New Data Protection Law in Singapore

Data Protection

By Soh Kar Liang & Eileen Fong (Ella Cheong LLC)


On 2 January 2014, Singapore embarked on the 1st phase of implementing the Personal Data Protection Act (PDPA). The PDPA is a huge step up from the previous lack of a comprehensive regime for privacy and data protection in Singapore despite the rising prevalence of electronic commerce and social networking.
The 1st phase of implementation saw the establishment of the Personal Data Protection Commission and the introduction of a “Do Not Call Registry” which allows individuals to voluntarily opt out of receiving marketing phone calls, mobile messages and faxes via their Singapore telephone numbers.
Although the PDPA imposes restrictions on the collection and use and disclosure of personal data, it recognises the rights of individuals to protect their personal data and serves to exhort them to make better informed decisions before giving out personal data.
The 2nd phase of implementation will take effect from 2 July 2014 when the rest of the regulatory framework, which establishes a baseline standard of personal data protection, will need to be complied with.
The PDPA runs in parallel with laws in specific industries which will continue to be relevant (eg, banking secrecy laws).
Broadly, the framework imposes the following key obligations on organisations:
• Not to collect, use or disclose personal data without the individual’s consent
• To provide information on the purpose for collection, use or disclosure
• To collect, use or disclose only for purposes which are appropriate
• To provide personal data of the requestor in its possession or control
• To correct personal data of the requestor in its possession or control
• To ensure that personal data collected is accurate and complete
• To protect personal data in its possession or control
• Not to retain personal data if the purpose for collection is no longer served or no longer necessary
• Not to transfer personal data outside of Singapore
Both electronic and non-electronic forms of personal data are covered.

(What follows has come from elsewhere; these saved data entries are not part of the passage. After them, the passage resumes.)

Lemma inv_C_difference_quotient_close t tau : 0 <= t -> 0 <= tau -> t <> tau ->
  Rabs ((/ C t - / C tau) / (t - tau) + (exp t - exp tau) / (t - tau) * moment tau)
  <= Rabs ((exp t - exp tau) / (t - tau) * (moment tau - moment t)).
Proof.
  intros ht htau htt.
  (* the quotient lies between [-c * moment tau] and [-c * moment t] *)
  assert (HCt := C_pos t ht). assert (HCtau := C_pos tau htau).
  remember ((/ C t - / C tau) / (t - tau)) as q eqn:Eq.
  remember ((exp t - exp tau) / (t - tau)) as c eqn:Ec.
  assert (Hq : / C t - / C tau = q * (t - tau)) by (rewrite Eq; field; lra).
  assert (Hc : exp t - exp tau = c * (t - tau)) by (rewrite Ec; field; lra).
  destruct (Rlt_dec tau t) as [hlt|hlt].
  - assert (H := inv_C_increment_bounds tau t htau ltac:(lra)).
    rewrite Hq, Hc in H.
    assert (- c * moment tau <= q <= - c * moment t).
    { split; apply Rmult_le_reg_r with (t - tau); lra. }
    rewrite !Rabs_pos_eq; lra.
  - assert (H := inv_C_increment_bounds t tau ht ltac:(lra)).
    replace (/ C tau - / C t) with (- (q * (t - tau))) in H by lra.
    replace (exp tau - exp t) with (- (c * (t - tau))) in H by lra.
    assert (- c * moment t <= q <= - c * moment tau).
    { split; apply Rmult_le_reg_r with (tau - t); lra. }
    rewrite !Rabs_left1; lra.
Qed.

Variable tau : R.
Hypothesis tau_ge0 : 0 <= tau.
(* Let $I=\langle Q,D,\tau_{in},\tau_{out}\rangle$ be an instance of DTP, let $C_I$ be its critical domain, $U_I$ its critical update and $Q_I'$ its critical query (as defined in the context). Then DTP holds for $I$ if and only if for every tuple $\vec o$ over $C_I$, $\vec o\in Q_I'(D\cup U_I,\tau_{out})$ implies $\vec o\in Q_I'(D,\tau_{out})$.
   Context: Temporal Datalog. Constants are partitioned into objects and integer time points; variables into object variables and time variables. A time term is a time point, a time variable, or an expression $t+k$ with $t$ a time variable and $k\in\mathbb{Z}$. Each predicate is either extensional (EDB) or intensional (IDB) and has an arity $n\ge0$, each position being of object sort or time sort; a predicate is rigid if all its positions are of object sort, and temporal if its last position is of time sort and all others are of object sort. An atom $P(t_1,\dots,t_n)$ has terms of the required sorts. A rule is $\bigwedge_i\alpha_i\to\alpha$ with $\alpha$ and all $\alpha_i$ rigid or temporal atoms, $\alpha$ IDB whenever the body is nonempty, and every head variable occurring in the body. A program is a finite set of rules. A fact is a ground rigid or temporal atom without $+$ (identified with the rule $\top\to\alpha$); a dataset is a finite set of EDB facts. Rules are read as universally quantified first-order sentences with $+$ interpreted as integer addition; $\Pi\models\alpha$ denotes entailment. A query is $Q=\langle P_Q,\Pi_Q\rangle$ with $\Pi_Q$ a program and $P_Q$ an IDB predicate of $\Pi_Q$; it is temporal if $P_Q$ is temporal. For a temporal query $Q$, dataset $D$ and time point $\tau$, $Q(D,\tau)$ is the set of tuples of objects $\vec o$ with $\Pi_Q\cup D\models P_Q(\vec o,\tau)$. A $\tau_{in}$-history is a dataset consisting of rigid facts and temporal facts with time argument $\le\tau_{in}$; a $\tau_{in}$-update is a dataset consisting of temporal facts with time argument $>\tau_{in}$. Definitive Time Point (DTP): an instance is $\langle Q,D,\tau_{in},\tau_{out}\rangle$ with $Q$ a temporal query, $D$ a $\tau_{in}$-history and $\tau_{out}\le\tau_{in}$; DTP holds for it iff $Q(D,\tau_{out})=Q(D\cup U,\tau_{out})$ for every $\tau_{in}$-update $U$. Critical domain: $C_I$ is the set of all objects occurring in $\Pi_Q\cup D$ together with one fresh object $o_I$. Let $\psi$ be the renaming that maps each temporal EDB predicate to a fresh temporal IDB predicate of the same arity. Critical update: with $A$ a fresh unary temporal EDB predicate, $U_I$ is the $\tau_{in}$-update containing $A(\tau_{in}+1)$ and all facts $P(\vec o,\tau_{in}+1)$ for each temporal EDB predicate $P$ of $\Pi_Q$ and each tuple $\vec o$ over $C_I$. Critical query: with $V$ a fresh unary temporal IDB predicate, $Q_I'=\langle P_Q,\Pi'\rangle$ where $\Pi'$ consists of $\psi(\Pi_Q)$ together with the rules $A(t)\to V(t)$, $V(t)\to V(t+1)$, and, for each temporal EDB predicate $P$ of $\Pi_Q$ with $P'=\psi(P)$, the rules $P(\vec x,t)\to P'(\vec x,t)$ and $V(t+1)\wedge P'(\vec x,t)\to P'(\vec x,t+1)$. *)

From Stdlib Require Import ZArith List Bool Arith.
Import ListNotations.

Inductive sort := SObj | STime.

Definition is_obj_sort (s : sort) : bool :=
  match s with SObj => true | STime => false end.

(** A predicate: a name, the list of sorts of its positions (its arity is the
    length), and a flag saying whether it is intensional (IDB) or extensional
    (EDB).  Predicates are identified with the whole record. *)
Record pred := Pred { pname : nat; psig : list sort; pidb : bool }.

Definition arity (P : pred) : nat := length (psig P).

Definition is_rigid (P : pred) : bool := forallb is_obj_sort (psig P).

Definition is_temporal (P : pred) : bool :=
  match rev (psig P) with
  | STime :: r => forallb is_obj_sort r
  | _ => false
  end.

Definition is_temporal_edb (P : pred) : bool := is_temporal P && negb (pidb P).

(** Objects are constants [OConst o] (o : nat), time points are integers.
    Object variables and time variables live in separate namespaces.
    [TShift x k] is the time term [x + k]. *)
Inductive term :=
| OConst (o : nat)
| OVar (x : nat)
| TConst (z : Z)
| TVar (x : nat)
| TShift (x : nat) (k : Z).

Definition term_sort (t : term) : sort :=
  match t with OConst _ | OVar _ => SObj | _ => STime end.

Definition term_vars (t : term) : list (sort * nat) :=
  match t with
  | OVar x => [(SObj, x)]
  | TVar x | TShift x _ => [(STime, x)]
  | _ => []
  end.

Record atom := Atom { apred : pred; aargs : list term }.

Definition atom_vars (a : atom) : list (sort * nat) := flat_map term_vars (aargs a).

Definition atom_wf (a : atom) : Prop :=
  map term_sort (aargs a) = psig (apred a) /\
  (is_rigid (apred a) || is_temporal (apred a)) = true.

Record rule := Rule { rbody : list atom; rhead : atom }.

Definition rule_wf (r : rule) : Prop :=
  Forall atom_wf (rhead r :: rbody r) /\
  (rbody r <> [] -> pidb (apred (rhead r)) = true) /\
  (forall v, In v (atom_vars (rhead r)) ->
     exists b, In b (rbody r) /\ In v (atom_vars b)).

Definition program := list rule.

Definition program_wf (Pi : program) : Prop := Forall rule_wf Pi.

Definition prog_preds (Pi : program) : list pred :=
  flat_map (fun r => map apred (rhead r :: rbody r)) Pi.

Definition is_const_term (t : term) : Prop :=
  match t with OConst _ | TConst _ => True | _ => False end.

Definition is_fact (a : atom) : Prop := atom_wf a /\ Forall is_const_term (aargs a).

Definition dataset := list atom.

Definition is_dataset (D : dataset) : Prop :=
  Forall (fun a => is_fact a /\ pidb (apred a) = false) D.

Definition data_preds (D : dataset) : list pred := map apred D.

Definition time_arg_le (a : atom) (tau : Z) : Prop :=
  exists z, last (aargs a) (OConst 0) = TConst z /\ (z <= tau)%Z.
Definition time_arg_gt (a : atom) (tau : Z) : Prop :=
  exists z, last (aargs a) (OConst 0) = TConst z /\ (tau < z)%Z.

Definition is_history (tin : Z) (D : dataset) : Prop :=
  is_dataset D /\
  forall f, In f D ->
    is_rigid (apred f) = true \/
    (is_temporal (apred f) = true /\ time_arg_le f tin).

Definition is_update (tin : Z) (U : dataset) : Prop :=
  is_dataset U /\
  forall f, In f U -> is_temporal (apred f) = true /\ time_arg_gt f tin.

(** * First-order semantics (time sort interpreted as Z with +) *)

Record interp := Interp {
  dom : Type;
  cst : nat -> dom;
  rel : pred -> list (dom + Z) -> Prop }.

Definition eval_term (M : interp) (ov : nat -> dom M) (tv : nat -> Z) (t : term)
  : dom M + Z :=
  match t with
  | OConst o => inl (cst M o)
  | OVar x => inl (ov x)
  | TConst z => inr z
  | TVar x => inr (tv x)
  | TShift x k => inr (tv x + k)%Z
  end.

Definition holds (M : interp) (ov : nat -> dom M) (tv : nat -> Z) (a : atom) : Prop :=
  rel M (apred a) (map (eval_term M ov tv) (aargs a)).

Definition sat_rule (M : interp) (r : rule) : Prop :=
  forall ov tv, (forall b, In b (rbody r) -> holds M ov tv b) -> holds M ov tv (rhead r).

(** [Pi ∪ D ⊨ alpha]; facts are identified with bodiless rules *)
Definition entails (Pi : program) (D : dataset) (alpha : atom) : Prop :=
  forall M : interp,
    (forall r, In r Pi -> sat_rule M r) ->
    (forall f, In f D -> sat_rule M (Rule [] f)) ->
    forall ov tv, holds M ov tv alpha.

Record query := Query { qpred : pred; qprog : program }.

Definition query_wf (Q : query) : Prop :=
  program_wf (qprog Q) /\ pidb (qpred Q) = true /\ In (qpred Q) (prog_preds (qprog Q)).

Definition temporal_query (Q : query) : Prop :=
  query_wf Q /\ is_temporal (qpred Q) = true.

Definition answer (Q : query) (D : dataset) (tau : Z) (os : list nat) : Prop :=
  length os = arity (qpred Q) - 1 /\
  entails (qprog Q) D (Atom (qpred Q) (map OConst os ++ [TConst tau])).

Definition dtp_instance (Q : query) (D : dataset) (tin tout : Z) : Prop :=
  temporal_query Q /\ is_history tin D /\ (tout <= tin)%Z.

Definition dtp_holds (Q : query) (D : dataset) (tin tout : Z) : Prop :=
  forall U, is_update tin U ->
    forall os, answer Q D tout os <-> answer Q (D ++ U) tout os.

Definition obj_in_atom (o : nat) (a : atom) : Prop := In (OConst o) (aargs a).

Definition obj_in_prog (o : nat) (Pi : program) : Prop :=
  exists r, In r Pi /\ exists a, In a (rhead r :: rbody r) /\ obj_in_atom o a.

Definition obj_in_data (o : nat) (D : dataset) : Prop :=
  exists a, In a D /\ obj_in_atom o a.

Definition in_crit_dom (Q : query) (D : dataset) (oI : nat) (o : nat) : Prop :=
  obj_in_prog o (qprog Q) \/ obj_in_data o D \/ o = oI.

Definition fresh_obj (Q : query) (D : dataset) (oI : nat) : Prop :=
  ~ obj_in_prog oI (qprog Q) /\ ~ obj_in_data oI D.

Definition tedb_preds (Pi : program) : list pred :=
  filter is_temporal_edb (prog_preds Pi).

Definition fresh_pred (Q : query) (D : dataset) (P : pred) : Prop :=
  ~ In P (prog_preds (qprog Q)) /\ ~ In P (data_preds D).

Definition critical_preds (Q : query) (D : dataset) (A V : pred) (psi : pred -> pred) : Prop :=
  (psig A = [STime] /\ pidb A = false /\ fresh_pred Q D A) /\
  (psig V = [STime] /\ pidb V = true /\ fresh_pred Q D V) /\
  A <> V /\
  (forall P, In P (tedb_preds (qprog Q)) ->
     psig (psi P) = psig P /\ pidb (psi P) = true /\ fresh_pred Q D (psi P) /\
     psi P <> A /\ psi P <> V) /\
  (forall P1 P2, In P1 (tedb_preds (qprog Q)) -> In P2 (tedb_preds (qprog Q)) ->
     psi P1 = psi P2 -> P1 = P2).

(** the critical update U_I, characterised as a set (list up to membership) *)
Definition is_critical_update (Q : query) (D : dataset) (tin : Z) (oI : nat)
    (A : pred) (UI : dataset) : Prop :=
  forall f, In f UI <->
    f = Atom A [TConst (tin + 1)] \/
    exists P os, In P (tedb_preds (qprog Q)) /\
      length os = arity P - 1 /\ Forall (in_crit_dom Q D oI) os /\
      f = Atom P (map OConst os ++ [TConst (tin + 1)]).

Definition ren_pred (psi : pred -> pred) (P : pred) : pred :=
  if is_temporal_edb P then psi P else P.

Definition ren_atom (psi : pred -> pred) (a : atom) : atom :=
  Atom (ren_pred psi (apred a)) (aargs a).

Definition ren_rule (psi : pred -> pred) (r : rule) : rule :=
  Rule (map (ren_atom psi) (rbody r)) (ren_atom psi (rhead r)).

(** object variables x_0 .. x_{n-1}; the time variable t is TVar 0 *)
Definition ovars (n : nat) : list term := map OVar (seq 0 n).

Except for certain exempted categories, all organisations are expected to comply with the above.
As the provisions are stated broadly, ambiguity exists. Advisory guidelines have been issued to clarify these provisions and more are expected in the future.
As non-compliance may lead to financial penalties of up to SGD1 million, it may be useful to bear the following in mind:
• Review existing policies on personal data collection, use, disclosure and retention
• Designate the role of “personal data protection officer” to manage and operate compliance measures
• Conduct periodic audits to determine compliance gaps and ensure policy compliance on personal data practices
While the personal data protection framework is “work-in-progress” and gaps currently exist, its introduction is a step in the right direction in meeting a perceived long-felt want. Organisations involved in collecting and using personal data in Singapore should become more mindful and sensitive towards the issues of personal data protection and take the necessary steps to address its implications.